Work instructions
Scan each line of the records for the word "Hypothesis" and extract the ones that have it.

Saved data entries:
====

(* Let $(X,Y)$ be a random vector with joint cumulative distribution function $H$, where $X$ and $Y$ take values in the non-negative integers, with zero-inflated marginal cdfs $F(s)=(1-\pi_F)+\pi_F\bar F(s)$ and $G(t)=(1-\pi_G)+\pi_G\bar G(t)$ for $s,t\ge 0$ (and $F(s)=G(t)=0$ for negative arguments), where $\bar F,\bar G$ are discrete distribution functions and $\pi_F,\pi_G\in[0,1]$. Let $(\tilde X_1,\tilde Y_1)$ and $(\tilde X_2,\tilde Y_2)$ be two independent copies of $(X,Y)$, and define Kendall's $\tau$ of $(X,Y)$ as $$\tau_A=\mathbb{P}[(\tilde X_1-\tilde X_2)(\tilde Y_1-\tilde Y_2)>0]-\mathbb{P}[(\tilde X_1-\tilde X_2)(\tilde Y_1-\tilde Y_2)<0].$$ Let $p_{00}=\mathbb{P}[X=0,Y=0]$, $p_{01}=\mathbb{P}[X=0,Y>0]$, $p_{10}=\mathbb{P}[X>0,Y=0]$, $p_{11}=\mathbb{P}[X>0,Y>0]$. Let $X_{10}$ and $X_{11}$ be independent random variables, with $X_{10}$ distributed as $X$ conditionally on $\{X>0,Y=0\}$ and $X_{11}$ distributed as $X$ conditionally on $\{X>0,Y>0\}$; let $Y_{01}$ and $Y_{11}$ be independent random variables, with $Y_{01}$ distributed as $Y$ conditionally on $\{X=0,Y>0\}$ and $Y_{11}$ distributed as $Y$ conditionally on $\{X>0,Y>0\}$. Set $p_1^{\ast}=\mathbb{P}[X_{10}>X_{11}]$, $p_2^{\ast}=\mathbb{P}[Y_{01}>Y_{11}]$, $p_1^{\dagger}=\mathbb{P}[X_{10}=X_{11}]$, $p_2^{\dagger}=\mathbb{P}[Y_{01}=Y_{11}]$, and let $\tau_{11}$ be Kendall's $\tau$ (probability of concordance minus probability of discordance of two independent copies) of the conditional distribution of $(X,Y)$ given $\{X>0,Y>0\}$. Then $$\tau_A=p_{11}^2\tau_{11}+2(p_{00}p_{11}-p_{01}p_{10})+2p_{11}\big[p_{10}(1-2p_1^{\ast}-p_1^{\dagger})+p_{01}(1-2p_2^{\ast}-p_2^{\dagger})\big].$$
   Context: Conditional quantities (such as $p_1^\ast,p_1^\dagger,\tau_{11}$) are only defined when the conditioning event has positive probability; when a conditioning event has probability zero, the term in which the corresponding quantity appears is multiplied by a zero probability and is interpreted as $0$. *)

(* discrete laws on N x N given by probability mass
   functions; probabilities of events are (countable) sums via esum. *)
From HB Require Import structures.
From mathcomp Require Import all_boot all_order all_algebra.
From mathcomp Require Import all_classical all_reals all_analysis.
Set Implicit Arguments. Unset Strict Implicit. Unset Printing Implicit Defensive.
Import Order.TTheory GRing.Theory Num.Theory.
Local Open Scope classical_set_scope.
Local Open Scope ring_scope.

Section Defs.
Variable R : realType.

Definition is_pmf (T : choiceType) (p : T -> R) : Prop :=
  (forall i, 0 <= p i) /\ (\esum_(i in [set: T]) (p i)%:E = 1%E).

Definition Pr (T : choiceType) (p : T -> R) (A : set T) : R :=
  fine (\esum_(i in A) (p i)%:E).

(* probability of an event B for a pair of independent variables with
   mass functions p and q (product law) *)
Definition Pr2 (T U : choiceType) (p : T -> R) (q : U -> R) (B : set (T * U)) : R :=
  fine (\esum_(z in B) (p z.1 * q z.2)%:E).

(* conditional mass function of p given A; identically 0 if P[A] = 0 *)
Definition cond (T : choiceType) (p : T -> R) (A : set T) : T -> R :=
  fun i => if `[< A i >] then p i / Pr p A else 0.

Definition kendall_tau (p : nat * nat -> R) : R :=
  Pr2 p p [set z | 0 < ((z.1.1)%:R - (z.2.1)%:R) * ((z.1.2)%:R - (z.2.2)%:R) :> R]
  - Pr2 p p [set z | ((z.1.1)%:R - (z.2.1)%:R) * ((z.1.2)%:R - (z.2.2)%:R) < 0 :> R].

Definition cdfX (p : nat * nat -> R) (s : nat) : R :=
  Pr p [set z | (z.1 <= s)%N].
Definition cdfY (p : nat * nat -> R) (t : nat) : R :=
  Pr p [set z | (z.2 <= t)%N].

Definition cdf1 (q : nat -> R) (s : nat) : R := Pr q [set k | (k <= s)%N].

Definition zero_inflated (F : nat -> R) : Prop :=
  exists (pi : R) (q : nat -> R), 0 <= pi <= 1 /\ is_pmf q /\
    forall s, F s = (1 - pi) + pi * cdf1 q s.

Definition A00 : set (nat * nat) := [set z | z.1 = 0%N /\ z.2 = 0%N].
Definition A01 : set (nat * nat) := [set z | z.1 = 0%N /\ (0 < z.2)%N].
Definition A10 : set (nat * nat) := [set z | (0 < z.1)%N /\ z.2 = 0%N].
Definition A11 : set (nat * nat) := [set z | (0 < z.1)%N /\ (0 < z.2)%N].

End Defs.

From HB Require Import structures.
From mathcomp Require Import all_boot all_order all_algebra.
From mathcomp Require Import all_classical all_reals all_analysis.
From mathcomp Require Import ring lra zify.
Import Order.TTheory GRing.Theory Num.Theory.
Local Open Scope classical_set_scope.
Local Open Scope ring_scope.
Set Implicit Arguments. Unset Strict Implicit. Unset Printing Implicit Defensive.

(* Split each of two independent copies (X1, Y1), (X2, Y2) of (X, Y) according to
   the quadrant {X = 0 or X > 0} x {Y = 0 or Y > 0} in which it lies.  Exchanging
   the copies shows that tau is twice P[X1 < X2, Y1 < Y2] minus twice
   P[X1 < X2, Y1 > Y2].  A zero coordinate is always the smaller one, so for most
   pairs of quadrants these events hold or fail outright, which produces
   p00 p11 and p01 p10; the pairs (A01, A11), (A10, A11) and (A11, A11) leave
   comparisons that conditioning turns into p2*, p2†, p1*, p1† and tau11. *)

Section esum_scale.
Variables (R : realType) (T : choiceType).

Lemma esumZl (I : set T) (a : T -> \bar R) (r : R) :
  0 <= r -> (forall i, (0 <= a i)%E) ->
  \esum_(i in I) (r%:E * a i)%E = (r%:E * \esum_(i in I) a i)%E.
Proof.
move=> r0 a0; rewrite /esum -ereal_supZl//; last first.
  by apply/set0P; exists 0%E; exists set0; [exact: fsets_set0| rewrite fsbig_set0].
rewrite image_comp; congr ereal_sup; apply: eq_imagel => A _ /=.
by rewrite ge0_mule_fsumr.
Qed.

Lemma fine_EFinM (k : R) (x : \bar R) : fine (k%:E * x)%E = k * fine x.
Proof.
by case: x => [r| |] //=; rewrite mulr_infty;
  case: sgrP; rewrite ?mul1e ?mul0e ?mulN1e /= ?mulr0.
Qed.
End esum_scale.

Section finite_mass.
Variables (R : realType) (T : choiceType) (f : T -> R).
Hypothesis f_ge0 : forall i, 0 <= f i.

Lemma Pr_ge0 A : 0 <= Pr f A.
Proof. by apply: fine_ge0; apply: esum_ge0 => i _; rewrite lee_fin. Qed.

Lemma PrZ (c : R) A : 0 <= c -> Pr (fun i => c * f i) A = c * Pr f A.
Proof. by move=> c0; rewrite /Pr -fine_EFinM -esumZl. Qed.

Lemma Pr_mkcond A B :
  Pr (fun i => if `[< B i >] then f i else 0) A = Pr f (A `&` B).
Proof.
rewrite /Pr esum_mkcondr; congr fine; apply: eq_esum => i _.
by case: asboolP => Bi; [rewrite mem_set | rewrite memNset].
Qed.

Hypothesis f_fin : (\esum_(i in [set: T]) (f i)%:E < +oo)%E.

Lemma esum_PrE A : \esum_(i in A) (f i)%:E = (Pr f A)%:E.
Proof.
rewrite /Pr fineK // ge0_fin_numE; last by apply: esum_ge0 => i _; rewrite lee_fin.
apply: le_lt_trans f_fin; rewrite [leLHS]esum_mkcond; apply: le_esum => i _.
by case: ifP; rewrite ?lee_fin.
Qed.

Lemma le_Pr A B : A `<=` B -> Pr f A <= Pr f B.
Proof.
move=> AB; rewrite -lee_fin -!esum_PrE esum_mkcond [leRHS]esum_mkcond.
apply: le_esum => i _; case: ifPn => [/set_mem/AB/mem_set -> //|_].
by case: ifP; rewrite ?lee_fin.
Qed.

Lemma PrU A B : A `&` B = set0 -> Pr f (A `|` B) = Pr f A + Pr f B.
Proof.
move=> AB0; apply: EFin_inj; rewrite EFinD -!esum_PrE.
rewrite (esumID A) => [|i _]; last by rewrite lee_fin.
by rewrite setUK -setDE setUKD // AB0.
Qed.

End finite_mass.

Lemma pmf_esum_lty (R : realType) (T : choiceType) (p : T -> R) :
  is_pmf p -> (\esum_(i in [set: T]) (p i)%:E < +oo)%E.
Proof. by case=> _ ->; rewrite ltry. Qed.

Lemma Pr2E (R : realType) (T U : choiceType) (p : T -> R) (q : U -> R) S :
  Pr2 p q S = Pr (fun z => p z.1 * q z.2) S.
Proof. by []. Qed.

Section product.
Variables (R : realType) (T U : choiceType) (p : T -> R) (q : U -> R).
Hypotheses (p_pmf : is_pmf p) (q_pmf : is_pmf q).

Let p_ge0 := proj1 p_pmf.
Let q_ge0 := proj1 q_pmf.

Lemma esum_setX A B :
  \esum_(z in A `*` B) (p z.1 * q z.2)%:E = (Pr p A * Pr q B)%:E.
Proof.
have esum_row i : \esum_(j in B) (p i * q j)%:E = ((Pr q B)%:E * (p i)%:E)%E.
  by rewrite -esum_PrE ?pmf_esum_lty // muleC -esumZl.
transitivity (\esum_(i in A) \esum_(j in B) (p i * q j)%:E)%E.
  by rewrite esum_esum // => i j _ _; rewrite lee_fin mulr_ge0.
under eq_esum do rewrite esum_row.
by rewrite esumZl ?Pr_ge0 // esum_PrE ?pmf_esum_lty // -EFinM mulrC.
Qed.

Lemma Pr2_setX A B : Pr2 p q (A `*` B) = Pr p A * Pr q B.
Proof. by rewrite /Pr2 esum_setX. Qed.

Lemma is_pmf_prod : is_pmf (fun z : T * U => p z.1 * q z.2).
Proof.
split=> [z|]; first exact: mulr_ge0.
by rewrite -setXTT esum_setX /Pr (proj2 p_pmf) (proj2 q_pmf) mulr1.
Qed.

Let pq_ge0 := proj1 is_pmf_prod.
Let pq_fin := pmf_esum_lty is_pmf_prod.

Lemma le_Pr2 S S' : S `<=` S' -> Pr2 p q S <= Pr2 p q S'.
Proof. exact: le_Pr. Qed.

Lemma Pr2U S S' :
  S `&` S' = set0 -> Pr2 p q (S `|` S') = Pr2 p q S + Pr2 p q S'.
Proof. exact: PrU. Qed.

Lemma Pr2_swap S : Pr2 q p [set z | S (z.2, z.1)] = Pr2 p q S.
Proof.
rewrite /Pr2 (reindex_esum [set z | S (z.2, z.1)] S (fun z => (z.2, z.1))).
  by congr fine; apply: eq_esum => z _; rewrite mulrC.
split=> [z //|[a b] [c d] _ _ [-> ->] //|[a b] Sab].
by exists (b, a).
Qed.

Lemma mul_Pr2_cond A B S :
  Pr p A * Pr q B * Pr2 (cond p A) (cond q B) S = Pr2 p q (S `&` A `*` B).
Proof.
have [PAB0|PABn0] := eqVneq (Pr p A * Pr q B) 0.
  rewrite PAB0 mul0r; apply/esym/le_anti; rewrite Pr_ge0 // andbT.
  by rewrite -PAB0 -Pr2_setX le_Pr2 // => z [].
have condE : (fun z : T * U => cond p A z.1 * cond q B z.2) =
    (fun z => (Pr p A * Pr q B)^-1 *
              if `[< (A `*` B) z >] then p z.1 * q z.2 else 0).
  apply/funext => -[i j]; rewrite /cond /=.
  case: asboolP => [Ai|nAi]; last by rewrite mul0r asboolF ?mulr0 // => -[/nAi].
  case: asboolP => [Bj|nBj]; last by rewrite mulr0 asboolF ?mulr0 // => -[_ /nBj].
  by rewrite asboolT // mulrACA invfM mulrC.
have restr_ge0 z : 0 <= if `[< (A `*` B) z >] then p z.1 * q z.2 else 0.
  by case: asboolP => _ //; exact: pq_ge0.
rewrite Pr2E condE (PrZ restr_ge0) ?invr_ge0 ?mulr_ge0 ?Pr_ge0 //.
by rewrite mulrA mulfV // mul1r Pr_mkcond.
Qed.

End product.

Lemma Pr2_setU_swap (R : realType) (T : choiceType) (p : T -> R) S A :
  is_pmf p -> S `&` [set z | S (z.2, z.1)] = set0 ->
  Pr2 p p ((S `|` [set z | S (z.2, z.1)]) `&` A `*` A) = 2 * Pr2 p p (S `&` A `*` A).
Proof.
move=> p_pmf S_asym; rewrite setIUl Pr2U //; last first.
  by apply: subsetI_eq0 S_asym; apply: subIsetl.
rewrite mulr_natl mulr2n -[X in _ = _ + X](Pr2_swap p p (S `&` A `*` A)).
congr (_ + Pr2 _ _ _).
by apply/seteqP; split => z /= [? []].
Qed.

Definition lt_by {T : Type} (g : T -> nat) : set (T * T) := [set z | (g z.1 < g z.2)%N].
Definition eq_by {T : Type} (g : T -> nat) : set (T * T) := [set z | g z.1 = g z.2].
Definition gt_by {T : Type} (g : T -> nat) : set (T * T) := [set z | (g z.2 < g z.1)%N].

Ltac set_lia :=
  apply/seteqP; split => z;
  rewrite /setT /setI /setU /setX /set0 /lt_by /eq_by /gt_by /A00 /A01 /A10 /A11 /=;
  lia.

Lemma lt_eq_gt_by (T : Type) (g : T -> nat) : lt_by g `|` eq_by g `|` gt_by g = setT.
Proof. set_lia. Qed.

Section comparison.
Variables (R : realType) (T : choiceType) (p q : T -> R) (g : T -> nat).
Hypotheses (p_pmf : is_pmf p) (q_pmf : is_pmf q).

Lemma Pr2_lt_eq_gt S :
  Pr2 p q S = Pr2 p q (lt_by g `&` S) + Pr2 p q (eq_by g `&` S) + Pr2 p q (gt_by g `&` S).
Proof.
by rewrite -[in LHS](setTI S) -(lt_eq_gt_by g) !setIUl !Pr2U //; set_lia.
Qed.

Lemma Pr2_cond_cmp A B :
  let P := Pr2 (cond p A) (cond q B) in
  Pr p A * Pr q B * (1 - 2 * P (gt_by g) - P (eq_by g)) =
  Pr2 p q (lt_by g `&` A `*` B) - Pr2 p q (gt_by g `&` A `*` B).
Proof.
move=> P; rewrite !mulrBr mulr1 mulrCA !mul_Pr2_cond // -Pr2_setX //.
rewrite (Pr2_lt_eq_gt (A `*` B)); ring.
Qed.

End comparison.

Lemma natB_mulr_gt0 (R : realDomainType) (a b c d : nat) :
  (0 < (a%:R - b%:R) * (c%:R - d%:R) :> R) =
  (a < b)%N && (c < d)%N || (b < a)%N && (d < c)%N.
Proof.
case: (ltngtP a b) => [ab|ba|->]; last by rewrite subrr mul0r ltxx.
- by rewrite nmulr_rgt0 ?subr_lt0 ?ltr_nat // orbF.
- by rewrite pmulr_rgt0 ?subr_gt0 ?ltr_nat.
Qed.

Lemma concordantE (R : realDomainType) :
  [set z : (nat * nat) * (nat * nat) |
    0 < ((z.1.1)%:R - (z.2.1)%:R) * ((z.1.2)%:R - (z.2.2)%:R) :> R] =
  lt_by fst `&` lt_by snd `|` [set z | (lt_by fst `&` lt_by snd) (z.2, z.1)].
Proof. apply/seteqP; split => z; rewrite /= natB_mulr_gt0 /setI /setU /lt_by /=; lia. Qed.

Lemma discordantE (R : realDomainType) :
  [set z : (nat * nat) * (nat * nat) |
    ((z.1.1)%:R - (z.2.1)%:R) * ((z.1.2)%:R - (z.2.2)%:R) < 0 :> R] =
  lt_by fst `&` gt_by snd `|` [set z | (lt_by fst `&` gt_by snd) (z.2, z.1)].
Proof.
apply/seteqP; split => z;
  rewrite /= -oppr_gt0 -mulrN opprB natB_mulr_gt0 /setI /setU /lt_by /gt_by /=; lia.
Qed.

Section kendall.
Variables (R : realType) (p : nat * nat -> R).
Hypothesis p_pmf : is_pmf p.

Lemma kendall_tau_cond A :
  Pr p A ^+ 2 * kendall_tau (cond p A) =
  2 * (Pr2 p p (lt_by fst `&` lt_by snd `&` A `*` A) -
       Pr2 p p (lt_by fst `&` gt_by snd `&` A `*` A)).
Proof.
rewrite /kendall_tau concordantE discordantE expr2 !mulrBr !mul_Pr2_cond //.
by rewrite !Pr2_setU_swap //; set_lia.
Qed.

Lemma cond_setT : cond p setT = p.
Proof. by apply/funext => z; rewrite /cond asboolT // /Pr (proj2 p_pmf) divr1. Qed.

Lemma kendall_tauE :
  kendall_tau p =
  2 * (Pr2 p p (lt_by fst `&` lt_by snd) - Pr2 p p (lt_by fst `&` gt_by snd)).
Proof.
have := kendall_tau_cond setT.
by rewrite cond_setT /Pr (proj2 p_pmf) expr1n mul1r setXTT !setIT.
Qed.

Lemma Pr2_lt_lt_quadrants :
  Pr2 p p (lt_by fst `&` lt_by snd) =
  Pr p A00 * Pr p A11 + Pr2 p p (lt_by snd `&` A01 `*` A11) +
  Pr2 p p (lt_by fst `&` A10 `*` A11) + Pr2 p p (lt_by fst `&` lt_by snd `&` A11 `*` A11).
Proof.
have quadrants : lt_by fst `&` lt_by snd =
    A00 `*` A11 `|` lt_by snd `&` A01 `*` A11 `|` lt_by fst `&` A10 `*` A11
    `|` lt_by fst `&` lt_by snd `&` A11 `*` A11 by set_lia.
by rewrite {1}quadrants !Pr2U ?Pr2_setX //; set_lia.
Qed.

Lemma Pr2_lt_gt_quadrants :
  Pr2 p p (lt_by fst `&` gt_by snd) =
  Pr p A01 * Pr p A10 + Pr2 p p (gt_by snd `&` A01 `*` A11) +
  Pr2 p p (gt_by fst `&` A10 `*` A11) + Pr2 p p (lt_by fst `&` gt_by snd `&` A11 `*` A11).
Proof.
have quadrants : lt_by fst `&` gt_by snd =
    A01 `*` A10 `|` gt_by snd `&` A01 `*` A11
    `|` [set z | (gt_by fst `&` A10 `*` A11) (z.2, z.1)]
    `|` lt_by fst `&` gt_by snd `&` A11 `*` A11 by set_lia.
by rewrite {1}quadrants !Pr2U ?Pr2_setX ?Pr2_swap //; set_lia.
Qed.

End kendall.

Unset Implicit Arguments.

Theorem theorem1 (R : realType) (p : nat * nat -> R) :
  is_pmf p ->
  zero_inflated (cdfX p) ->
  zero_inflated (cdfY p) ->
  let p00 := Pr p A00 in
  let p01 := Pr p A01 in
  let p10 := Pr p A10 in
  let p11 := Pr p A11 in
  let c10 := cond p A10 in
  let c01 := cond p A01 in
  let c11 := cond p A11 in
  let p1s := Pr2 c10 c11 [set z | (z.2.1 < z.1.1)%N] in
  let p2s := Pr2 c01 c11 [set z | (z.2.2 < z.1.2)%N] in
  let p1d := Pr2 c10 c11 [set z | z.1.1 = z.2.1] in
  let p2d := Pr2 c01 c11 [set z | z.1.2 = z.2.2] in
  let tau11 := kendall_tau c11 in
  kendall_tau p =
    p11 ^+ 2 * tau11 + 2 * (p00 * p11 - p01 * p10)
    + 2 * p11 * (p10 * (1 - 2 * p1s - p1d) + p01 * (1 - 2 * p2s - p2d)).
Proof.
move=> p_pmf _ _ p00 p01 p10 p11 c10 c01 c11 p1s p2s p1d p2d tau11.
have tau11E : p11 ^+ 2 * tau11 = _ := kendall_tau_cond p_pmf A11.
have cmpX : p10 * p11 * (1 - 2 * p1s - p1d) = _ := Pr2_cond_cmp fst p_pmf p_pmf A10 A11.
have cmpY : p01 * p11 * (1 - 2 * p2s - p2d) = _ := Pr2_cond_cmp snd p_pmf p_pmf A01 A11.
rewrite kendall_tauE // Pr2_lt_lt_quadrants // Pr2_lt_gt_quadrants //.
rewrite -/p00 -/p01 -/p10 -/p11.
lra.
Qed.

====

Written answer
Hypothesis f_ge0 : forall i, 0 <= f i.
Hypothesis f_fin : (\esum_(i in [set: T]) (f i)%:E < +oo)%E.
Hypothesis p_pmf : is_pmf p.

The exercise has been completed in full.